Can you recommend me basic libraries for full stack dev that don't suffer from this? At least logging, ORM, web request handling, authentication, sessions, bundling (edit: and middleware, because apparently that's a separate library).

In every other language I work in there are 1-2 libraries that cover all of this (except bundling which is only relevant to js) and don't require me to step on the versioning treadmill. If I had the same for JS, I'd be much happier writing typescript.

Edit: for example, this week I had to downgrade a dependency (middy) from v5 to v4 all across our services because jest doesn't support I think ejs well enough and v5 dropped support for all other ways to do modules. It tooks hours of fighting to find the right combination of deleting the lock file, deleting various node_modules dirs and running npm i that actually replaced the installed v5 with v4.


yeah this part is pretty bad

you can get lucky and reach a nirvana state where all your dependencies function well in a new project, but 6 months later its a disaster like ah you need to upgrade node, but ah your transpiler requires the older version of node, but ah the semantic versioning was not followed by your type definition addendum library and now there were autoupdated breaking changes, ah your project only worked with a locked package file and if you re-install any package the wrong way everything breaks in incomprehensible ways!

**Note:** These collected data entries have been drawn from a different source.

From HB Require Import structures.
From mathcomp Require Import all_boot all_order all_algebra ring zify.

(* A degree-0 map phi : I -> T, for T = X<n>, Y<n> or Z<n>, is evaluation at
   -n: z acts on I_j = k[z] by multiplication by z + j and on the line T_j by
   j - n, so phi_j u = u(-n) phi_j 1.  Writing phi_j 1 = lam_j e_j,
   compatibility with x and y is a first-order recurrence for lam on the
   interval supporting T, whose coefficients are the values at -n of the
   polynomials by which x and y act on I.  Their product
   sigma^j(f) = (z + j)(z + j + alpha) is nonzero at -n inside the support, so
   a nowhere-zero solution exists there, and surjectivity amounts to the
   vanishing at -n of the x-coefficient at the lower end of the support and of
   the y-coefficient at its upper end.  It remains to list the monic divisors
   c_j of (z - r)(z - s) that vanish at r, or whose cofactor does. *)

Set Implicit Arguments. Unset Strict Implicit. Unset Printing Implicit Defensive.
Import GRing.Theory.
Local Open Scope ring_scope.

Section MonicPart.
Variable K : fieldType.
Implicit Types (p q g : {poly K}) (r s : K).

Definition normp p : {poly K} := (lead_coef p)^-1 *: p.

Lemma normp_monic p : p != 0 -> normp p \is monic.
Proof. by move=> p0; apply/monicP; rewrite lead_coefZ mulVf ?lead_coef_eq0. Qed.

Lemma normp_id p : p \is monic -> normp p = p.
Proof. by move/monicP => lp1; rewrite /normp lp1 invr1 scale1r. Qed.

Lemma normpM p q : normp (p * q) = normp p * normp q.
Proof. by rewrite /normp lead_coefM invfM -scalerAl -scalerAr scalerA mulrC. Qed.

Lemma dvdp_normp p g : (normp p %| g) = (p %| g).
Proof.
have [->|p0] := eqVneq p 0; first by rewrite /normp scaler0.
by rewrite dvdpZl // invr_eq0 lead_coef_eq0.
Qed.

Lemma dvdp_XsubC p s : p %| 'X - s%:P <-> normp p = 1 \/ normp p = 'X - s%:P.
Proof.
rewrite -dvdp_normp; split=> [dvd_p|[]->]; rewrite ?dvd1p ?dvdpp //.
have p0 : p != 0.
  by apply: contraTneq dvd_p => ->; rewrite /normp scaler0 dvd0p polyXsubC_eq0.
have mp := normp_monic p0.
case/(irredp_XsubCP (irredp_XsubC s)): dvd_p.
  by rewrite eqp_monic ?monic1 // => /eqP; left.
by rewrite eqp_monic ?monicXsubC // => /eqP; right.
Qed.

Lemma root_cofactor p q g r : p * q = ('X - r%:P) * g -> g != 0 ->
  root q r = (p %| g).
Proof.
move=> pq g0; have Xr0 : 'X - r%:P != 0 by rewrite polyXsubC_eq0.
apply/idP/idP.
  rewrite -dvdp_XsubCl => /dvdpP[q' qE]; move: pq.
  rewrite qE mulrA [_ * g]mulrC => /(mulIf Xr0) <-.
  exact: dvdp_mulIl.
case/dvdpP=> h gE.
have p0 : p != 0 by apply: contraNneq g0 => p0; rewrite gE p0 mulr0.
move: pq; rewrite gE mulrA [p * q]mulrC => /(mulIf p0) ->.
by rewrite /root hornerM hornerXsubC subrr mul0r.
Qed.

Lemma root_cofactor_XsubC2 p q r s : p * q = ('X - r%:P) * ('X - s%:P) ->
  root q r <-> normp p = 1 \/ normp p = 'X - s%:P.
Proof.
by move=> pq; rewrite (root_cofactor pq) ?polyXsubC_eq0 //; apply: dvdp_XsubC.
Qed.

Lemma root_factor_XsubC2 p q r s : p * q = ('X - r%:P) * ('X - s%:P) ->
  root p r <-> normp p = 'X - r%:P \/ normp p = ('X - r%:P) * ('X - s%:P).
Proof.
move=> pq; have Xr0 : 'X - r%:P != 0 by rewrite polyXsubC_eq0.
have Xs0 : 'X - s%:P != 0 by rewrite polyXsubC_eq0.
have npq : normp p * normp q = ('X - r%:P) * ('X - s%:P).
  by rewrite -normpM pq normp_id // monicMl ?monicXsubC.
rewrite (@root_cofactor_XsubC2 q p r s); last by rewrite mulrC.
split=> -[nq|np]; rewrite ?nq ?np ?mulr1 in npq.
- by right.
- by left; apply: (mulIf Xs0).
- by right; apply: (mulfI Xr0).
- by left; apply: (mulfI (mulf_neq0 Xr0 Xs0)); rewrite npq mulr1.
Qed.

End MonicPart.

Section SigmaShift.
Variables (K : fieldType) (i : int).

Lemma sigp_X : sigp i 'X = 'X - (- i%:~R)%:P :> {poly K}.
Proof. by rewrite /sigp comp_polyX polyCN opprK. Qed.

Lemma sigp_XaddC (c : K) : sigp i ('X + c%:P) = 'X - (- (i%:~R + c))%:P.
Proof. by rewrite /sigp comp_polyD comp_polyX comp_polyC polyCN opprK polyCD addrA. Qed.

Lemma sigp_fpoly al : sigp i (fpoly K al) = sigp i 'X * sigp i ('X + al%:R%:P).
Proof. by rewrite /sigp comp_polyM. Qed.

End SigmaShift.

Section Recurrences.
Variables (K : fieldType) (g : int -> K) (m : int).

Lemma recurrence_solution_down : exists lam : int -> K,
  (forall j, j < m -> g j != 0 -> lam j * g j = lam (j + 1)) /\
  (forall j, j <= m -> (forall i, j <= i < m -> g i != 0) -> lam j != 0).
Proof.
exists (fun j => (\prod_(k < absz (m - j)%R) g (m - k.+1%:Z))^-1); split.
- move=> j jm gj0; have -> : absz (m - j)%R = (absz (m - (j + 1))%R).+1 by lia.
  rewrite big_ord_recr /= invfM -mulrA.
  by rewrite (_ : m - ((absz (m - (j + 1))%R).+1)%:Z = j) ?mulVf ?mulr1 //; lia.
- move=> j jm gnz; rewrite invr_eq0; apply/prodf_neq0 => k _.
  by apply: gnz; have := ltn_ord k; lia.
Qed.

Lemma recurrence_solution_up : exists lam : int -> K,
  (forall j, m <= j -> g j != 0 -> lam (j + 1) * g j = lam j) /\
  (forall j, m <= j -> (forall i, m <= i < j -> g i != 0) -> lam j != 0).
Proof.
exists (fun j => (\prod_(k < absz (j - m)%R) g (m + k%:Z))^-1); split.
- move=> j mj gj0; have -> : absz (j + 1 - m)%R = (absz (j - m)%R).+1 by lia.
  rewrite big_ord_recr /= invfM -mulrA.
  by rewrite (_ : m + (absz (j - m)%R)%:Z = j) ?mulVf ?mulr1 //; lia.
- move=> j mj gnz; rewrite invr_eq0; apply/prodf_neq0 => k _.
  by apply: gnz; have := ltn_ord k; lia.
Qed.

I know my way around it though, so yay big bucks and quick deployment of greenfield projects


I know this isn’t realistic for many many scenarios, but if you can help it there is a sweet spot where you dedicate ~30 minutes to merge weekly dependabot updates and you don’t run into this problem.


Try Deno. It's much much saner.


Also single threaded...


You can use web workers. Granted it doesn't work in all situations (e.g. concurrent containers) but it's still a whole lot better than e.g. Python.